Через пару дней после выпадения снега, я был вырван из болезненной дрёмы странным звуком в ставшей привычной для меня тишине. Нечто пробиралось сквозь снег, медленно, с тяжестью. Небольшое животное, возможно птица, ещё теплое, но замерзающее, маленький комочек жизни остановился где-то в снегу, совсем неподалеку от меня. Хриплое дыхание срывалось в беззвучный, бессильный, болезненный стон. В первые дни, я, возможно, издавал нечто похожее, но это вряд ли было сравнимо с тем, что слышалось сейчас. Я чувствовал дрожь этого существа сквозь толщу снега, чувствовал его беспомощные попытки выбраться из грубых ладоней сугроба, и казалось что в движениях его ещё достаточно жизни, что сейчас он отдохнёт пару мгновений и вырвется из плена, будет бороться до конца за существование и победит, добравшись до твердой земли. Но этого не произошло. Существо не двигалось с места. Я лишь слышал, как с трудом расширяются его лёгкие, как больно хрустит его горло от ледяного воздуха, слышал, как бешено колотится крошечное сердечко, не желающее умирать. Вот тельце напряглось, сжалось, пытаясь выдавить из себя крик о помощи, но услышал я лишь сорванный глухой хрип. Попытка повторилась, но на этот раз вышло ещё более жалко. Мне никогда не было суждено узнать наверняка, кто мой товарищ по несчастью, но осознание того, что я не одинок, принесло мне невероятный подъем духа и сил, прилив некой сплоченности и чувства общности. Когда узнаешь, что кто-то в такой же беде, что и ты, становится легче, возможно появляется некий элемент конкуренции, кто дольше протянет, а возможно, ты просто понимаешь, что твоя проблема не уникальна, и это не тебе одному выпала тяжёлая доля. Все мои родственники, должно быть, где-то совсем рядом, переживают то же гниение и кошмарную боль. Мысль об этом вызвала чувство вины, будто подумав о чужой участи, я сделал её реальной.

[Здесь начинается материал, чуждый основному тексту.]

Lemma spar_value_steps e v : spar e v -> value v ->
  exists v1, value v1 /\ steps e v1 /\ spar v1 v.
Proof.
  induction 1; intros Hv; try solve [inversion Hv].
  - exists (Const c); repeat split; [constructor | apply rt_refl | constructor].
  - exists (Lam t e); repeat split; [constructor | apply rt_refl | constructor; auto].
  - destruct (IHspar3 Hv) as (v1 & Hv1 & Hsteps & Hpar).
    exists v1; repeat split; auto.
    eapply rt_trans; [apply rt_step; constructor; auto | exact Hsteps].
  - exists (Const (CEqC c1 b)); repeat split; [constructor | apply rt_step; constructor | constructor].
  - exists (Const CTrue); repeat split; [constructor | apply rt_step; constructor; auto | constructor].
  - exists (Const CFalse); repeat split; [constructor | apply rt_step; constructor; auto | constructor].
  - inversion Hv; subst. destruct IHspar3 as (v1 & Hv1 & Hsteps & Hpar); auto.
    exists (BEq b el er v1); repeat split; [constructor | apply steps_beq | constructor]; auto.
  - inversion Hv; subst. destruct IHspar3 as (v1 & Hv1 & Hsteps & Hpar); auto.
    exists (XEq tx t el er v1); repeat split; [constructor | apply steps_xeq | constructor]; auto.
Qed.

Lemma spar_const_steps e c : spar e (Const c) -> steps e (Const c).
Proof.
  intros H. destruct (spar_value_steps _ _ H (V_Const c)) as (v1 & Hv1 & Hsteps & Hpar).
  inversion Hpar; subst; auto; inversion Hv1.
Qed.

Lemma spar_lam_steps e t b' : spar e (Lam t b') ->
  exists t0 b, steps e (Lam t0 b) /\ spar b b'.
Proof.
  intros H. destruct (spar_value_steps _ _ H (V_Lam t b')) as (v1 & Hv1 & Hsteps & Hpar).
  inversion Hpar; subst; eauto; inversion Hv1.
Qed.

Lemma steps_app_const_step a b c1 c2 r : spar a (Const c1) -> spar b (Const c2) ->
  step (App (Const c1) (Const c2)) r -> steps (App a b) r.
Proof.
  intros Ha Hb Hr. eapply rt_trans; [apply steps_app | apply rt_step; exact Hr].
  all: auto using spar_const_steps, V_Const.
Qed.

Lemma spar_backward_sim e1 e2 : spar e1 e2 -> forall e2', step e2 e2' ->
  exists e1', steps e1 e1' /\ spar e1' e2'.
Proof.
  induction 1 as [| | | a a' b b' Ha IHa Hb IHb | t e e' v v' Hv _ _ _ _ _ IHsubst
                  | | | | b el el' er er' e e' Hl _ Hr _ He IHe
                  | tx tx' t t' el el' er er' e e' Htx Ht Hl _ Hr _ He IHe];
    intros e2'' Hs; try solve [inversion Hs].
  - inversion Hs; subst;
      try solve [eexists; split; [eapply steps_app_const_step; eassumption | constructor]].
    + edestruct IHa as (a1 & Hsteps & Hpar); [eassumption |].
      exists (App a1 b); split; [apply steps_app_l | constructor]; auto.
    + destruct (spar_value_steps _ _ Ha ltac:(assumption)) as (a1 & Ha1 & Hsteps & Hpar).
      edestruct IHb as (b1 & Hsteps' & Hpar'); [eassumption |].
      exists (App a1 b1); split; [apply steps_app | constructor]; auto.
    + destruct (spar_lam_steps _ _ _ Ha) as (t0 & e0 & Hsteps & Hpar).
      destruct (spar_value_steps _ _ Hb ltac:(assumption)) as (b1 & Hb1 & Hsteps' & Hpar').
      exists (subst0 e0 b1); split.
      * eapply rt_trans; [apply steps_app; eauto using V_Lam | apply rt_step; constructor; auto].
      * apply (proj1 spar_subst); auto.
  - destruct (IHsubst _ Hs) as (e1' & Hsteps & Hpar).
    exists e1'; split; auto.
    eapply rt_trans; [apply rt_step; constructor; auto | exact Hsteps].
  - inversion Hs; subst. edestruct IHe as (e1 & Hsteps & Hpar); [eassumption |].
    exists (BEq b el er e1); split; [apply steps_beq | constructor]; auto.
  - inversion Hs; subst. edestruct IHe as (e1 & Hsteps & Hpar); [eassumption |].
    exists (XEq tx t el er e1); split; [apply steps_xeq | constructor]; auto.
Qed.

Поскольку мы были едины с древом, то могли слышать его беспокойные мысли ветреными ночами, чувствовать неясную тревогу по поводу некоторых концепций, обозначение которых родитель не позволял нам познать. Будучи с ним чем-то цельным, мы разделяли его настроение по поводу определенных слов, на каком-то инстинктивном уровне осознавали границы дозволенного общения, испытывали общий смутный страх перед словом «зима», и исходящую из страха табуированность на все прилегающие к этому слову темы. Знай мы тогда, что нас ждёт впереди, поменяло бы это хоть что-то? Наши функции остались бы прежними, но появились бы вопросы о смысле наших действий, нашего существования в качестве временного механизма питания создателя, который оправдан моральным долгом, платой за возможность чувствовать летнее тепло и поцелуи нежных порывов. Я вспоминаю приятные моменты жизни, но они больше не греют, лишь вызывают большую боль, от осознания неповторимости, исключительности, от откровения, что закрадывается в разум – лучше бы я никогда не знал, что можно чувствовать себя хорошо. Возможно тогда, происходящее сейчас не вызывало бы таких мук, из-за невозможности сравнить их с чем-то противоположным.

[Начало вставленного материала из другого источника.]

Definition corner_simplex_vertices : set 'cV[R]_n :=
  [set 0] `|` [set a | exists k, a = delta_mx k 0].

Lemma corner_simplex_le1 a k : corner_simplex a -> a k 0 <= 1.
Proof.
by move=> [a0 a1]; apply: le_trans a1; rewrite (bigD1 k) //= lerDl sumr_ge0.
Qed.

Lemma sum_kronecker k : \sum_i ((i == k)%:R : R) = 1.
Proof. by rewrite (bigD1 k) //= eqxx big1 ?addr0 // => i /negbTE ->. Qed.

Lemma corner_simplex_delta_mx a k :
  corner_simplex a -> a k 0 = 1 -> a = delta_mx k 0.
Proof.
move=> [a0 a1] ak1.
have rest0 : \sum_(i | i != k) a i 0 = 0.
  apply/le_anti; rewrite sumr_ge0 // andbT.
  by move: a1; rewrite (bigD1 k) //= ak1 -lerBrDl subrr.
apply/colP => i; rewrite mxE eqxx andbT.
by have [->|ik] := eqVneq i k; [rewrite ak1 | rewrite (psumr_eq0P _ rest0)].
Qed.

Lemma corner_simplex_vertices_sub : corner_simplex_vertices `<=` corner_simplex.
Proof.
move=> _ [->|[k ->]]; split.
- by move=> k; rewrite mxE.
- by rewrite big1 // => k _; rewrite mxE.
- by move=> i; rewrite mxE ler0n.
- by under eq_bigr do rewrite mxE eqxx andbT; rewrite sum_kronecker.
Qed.

Lemma convex_corner_simplex :
  convex_set (corner_simplex : set (convex_lmodType 'cV[R]_n)).
Proof.
move=> a b l /set_mem[a0 a1] /set_mem[b0 b1]; apply/mem_set.
have l0 : 0 <= l%:num := ge0 l.
have l1 : 0 <= 1 - l%:num by rewrite subr_ge0 le1.
split => [k|]; first by rewrite !mxE addr_ge0 // mulr_ge0.
under eq_bigr do rewrite !mxE.
rewrite big_split /= -!mulr_sumr.
by rewrite -[1](subrK l%:num) addrC lerD // ler_piMr.
Qed.

Lemma closed_corner_simplex : closed corner_simplex.
Proof.
have -> : corner_simplex =
    \bigcap_k ((fun a : 'cV[R]_n => a k 0) @^-1` [set x | 0 <= x]) `&`
    (fun a : 'cV[R]_n => \sum_k a k 0) @^-1` [set x | x <= 1].
  by apply/seteqP; split => a [a0 a1]; split => // k; [move=> _ |]; exact: a0.
apply: closedI; first apply: closed_bigI => k _.
  by apply: (proj1 (continuous_closedP _)); [exact: coord_continuous | exact: closed_ge].
apply: (proj1 (continuous_closedP _)); last exact: closed_le.
by apply: (continuous_big add_continuous) => k _; exact: coord_continuous.
Qed.

Lemma compact_corner_simplex : compact corner_simplex.
Proof.
apply: (subclosed_compact closed_corner_simplex
          (cV_compact (fun=> @segment_compact R 0 1))).
by move=> a Sa i /=; rewrite in_itv /= (Sa.1 i) corner_simplex_le1.
Qed.

Lemma extreme_point_corner_simplex0 : extreme_point corner_simplex 0.
Proof.
split; first by apply: corner_simplex_vertices_sub; left.
move=> a b t [a0 _] [b0 _] t0 t1 /colP abE.
suff coord0 i : a i 0 = 0 /\ b i 0 = 0.
  by apply/colP => i; rewrite (coord0 i).1 (coord0 i).2.
have := abE i; rewrite !mxE => E.
have := a0 i; have := b0 i; split; nra.
Qed.

Lemma extreme_point_corner_simplex_delta k :
  extreme_point corner_simplex (delta_mx k 0).
Proof.
split; first by apply: corner_simplex_vertices_sub; right; exists k.
move=> a b t Sa Sb t0 t1 /colP/(_ k); rewrite !mxE !eqxx mulr1n => E.
have := corner_simplex_le1 k Sa; have := corner_simplex_le1 k Sb => b1 a1.
have ak1 : a k 0 = 1 by nra.
have bk1 : b k 0 = 1 by nra.
by rewrite (corner_simplex_delta_mx Sa ak1) (corner_simplex_delta_mx Sb bk1).
Qed.

(* [a] is a proper convex combination of [e_k] and of
   [(a - a_k e_k) / (1 - a_k)], whose k-th coordinate is 0. *)
Lemma not_extreme_point_corner_simplex a k :
  corner_simplex a -> 0 < a k 0 < 1 -> ~ extreme_point corner_simplex a.
Proof.
move=> [a0 a1] /andP[ak0 ak1] [_ ext].
set c := a k 0 in ak0 ak1.
have c1 : 1 - c != 0 by rewrite subr_eq0 eq_sym lt_eqF.
pose b := (1 - c)^-1 *: (a - c *: delta_mx k 0).
have bk0 : b k 0 = 0 by rewrite !mxE eqxx mulr1 subrr mulr0.
have Sb : corner_simplex b.
  split => [i|].
    rewrite !mxE eqxx andbT.
    have [->|ik] := eqVneq i k; first by rewrite mulr1 subrr mulr0.
    by rewrite mulr0 subr0 mulr_ge0 // invr_ge0 subr_ge0 ltW.
  under eq_bigr do rewrite !mxE eqxx andbT.
  rewrite -mulr_sumr sumrB -mulr_sumr sum_kronecker mulr1.
  by rewrite ler_pdivrMl ?subr_gt0 // mulr1 lerD2r.
have Se : corner_simplex (delta_mx k 0).
  by apply: corner_simplex_vertices_sub; right; exists k.
have aE : a = c *: delta_mx k 0 + (1 - c) *: b.
  by rewrite /b scalerA mulfV // scale1r addrC subrK.
have := ext _ _ _ Se Sb ak0 ak1 aE.
by move/colP/(_ k); rewrite bk0 mxE !eqxx; apply/eqP; rewrite oner_eq0.
Qed.

Lemma extreme_point_corner_simplex :
  extreme_point corner_simplex = corner_simplex_vertices.
Proof.
apply/seteqP; split => [a [Sa ext] | _ [->|[k ->]]]; last first.
- exact: extreme_point_corner_simplex_delta.
- exact: extreme_point_corner_simplex0.
have [->|a0] := eqVneq a 0; [by left | right].
have [k ak0] : exists k, a k 0 != 0.
  apply/existsP; apply: contraNT a0 => /existsPn a0.
  by apply/eqP/colP => k; rewrite mxE; apply/eqP/negbNE.
have [ak1|ak1] := eqVneq (a k 0) 1; first by exists k; exact: corner_simplex_delta_mx.
exfalso; apply: (not_extreme_point_corner_simplex (k := k) Sa _ (conj Sa ext)).
by rewrite lt0r ak0 Sa.1 lt_neqAle ak1 corner_simplex_le1.
Qed.

Lemma conv_hull_sub_corner_simplex (S : set 'cV[R]_n) :
  S `<=` corner_simplex -> conv_hull S `<=` corner_simplex.
Proof.
move=> Ssub _ [m [w [p [w0 [w1 [Sp ->]]]]]].
have p0 i := (Ssub _ (Sp i)).1.
have p1 i := (Ssub _ (Sp i)).2.
split => [k|].
  by rewrite summxE sumr_ge0 // => i _; rewrite mxE mulr_ge0.
under eq_bigr do rewrite summxE.
rewrite exchange_big /= -w1 ler_sum // => i _.
under eq_bigr do rewrite mxE.
by rewrite -mulr_sumr ler_piMr.
Qed.

(* The weight of the vertex 0 is the slack 1 - sum_k a_k. *)
Lemma corner_simplex_conv_hull : corner_simplex = conv_hull corner_simplex_vertices.
Proof.
apply/seteqP; split; last first.
  exact/conv_hull_sub_corner_simplex/corner_simplex_vertices_sub.
move=> a [a0 a1].
pose w (i : 'I_n.+1) := if unlift ord0 i is Some k then a k 0 else 1 - \sum_k a k 0.
pose p (i : 'I_n.+1) : 'cV[R]_n := if unlift ord0 i is Some k then delta_mx k 0 else 0.
exists n.+1, w, p; split.
  by move=> i; rewrite /w; case: unlift; rewrite ?subr_ge0.
split.
  rewrite big_ord_recl /w unlift_none [X in _ + X](eq_bigr (fun k => a k 0)).
    by rewrite subrK.
  by move=> k _; rewrite liftK.
split; first by move=> i; rewrite /p; case: unlift => [k|]; [right; exists k | left].
rewrite big_ord_recl /p unlift_none scaler0 add0r.
under eq_bigr do rewrite /w liftK.
apply/colP => i; rewrite summxE (bigD1 i) //= big1 ?addr0.
  by rewrite !mxE !eqxx mulr1.
by move=> k /negbTE ki; rewrite !mxE eq_sym ki mulr0.
Qed.

End corner_simplex.

Section graph_fourier.
Variables (R : realType) (n : nat) (U : 'M[R]_n).
Hypothesis U_orth : U^T *m U = 1%:M.

Lemma KmxE f : Kmx U f = U *m diag_mx (gft U f)^T *m U^T.
Proof.
apply/matrixP => i j; rewrite mxE /convop /gft /ebasis -colE -!mulmxA !mxE.
by apply: eq_bigr => k _; rewrite !mul_diag_mx !mxE [_ * U j k]mulrC.
Qed.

Я больше не вижу свет, тёплый свет солнца, нежный лунный лик, жужжащий взгляд фонарей, огоньки колыхающихся мотыльков. Все, что я любил, теперь стало фантомом, смутным нечётким контуром образов в моей зудящей памяти, стало болью, соразмерной с прежними чувствами привязанности и наслаждения, болью, от вечной безвозвратной потери, от осознания того, что ты никогда больше не испытаешь подобного, и не коснешься больше того, чего когда-то имел возможность коснуться, и все что тебя ждёт – холод, земля, забытье.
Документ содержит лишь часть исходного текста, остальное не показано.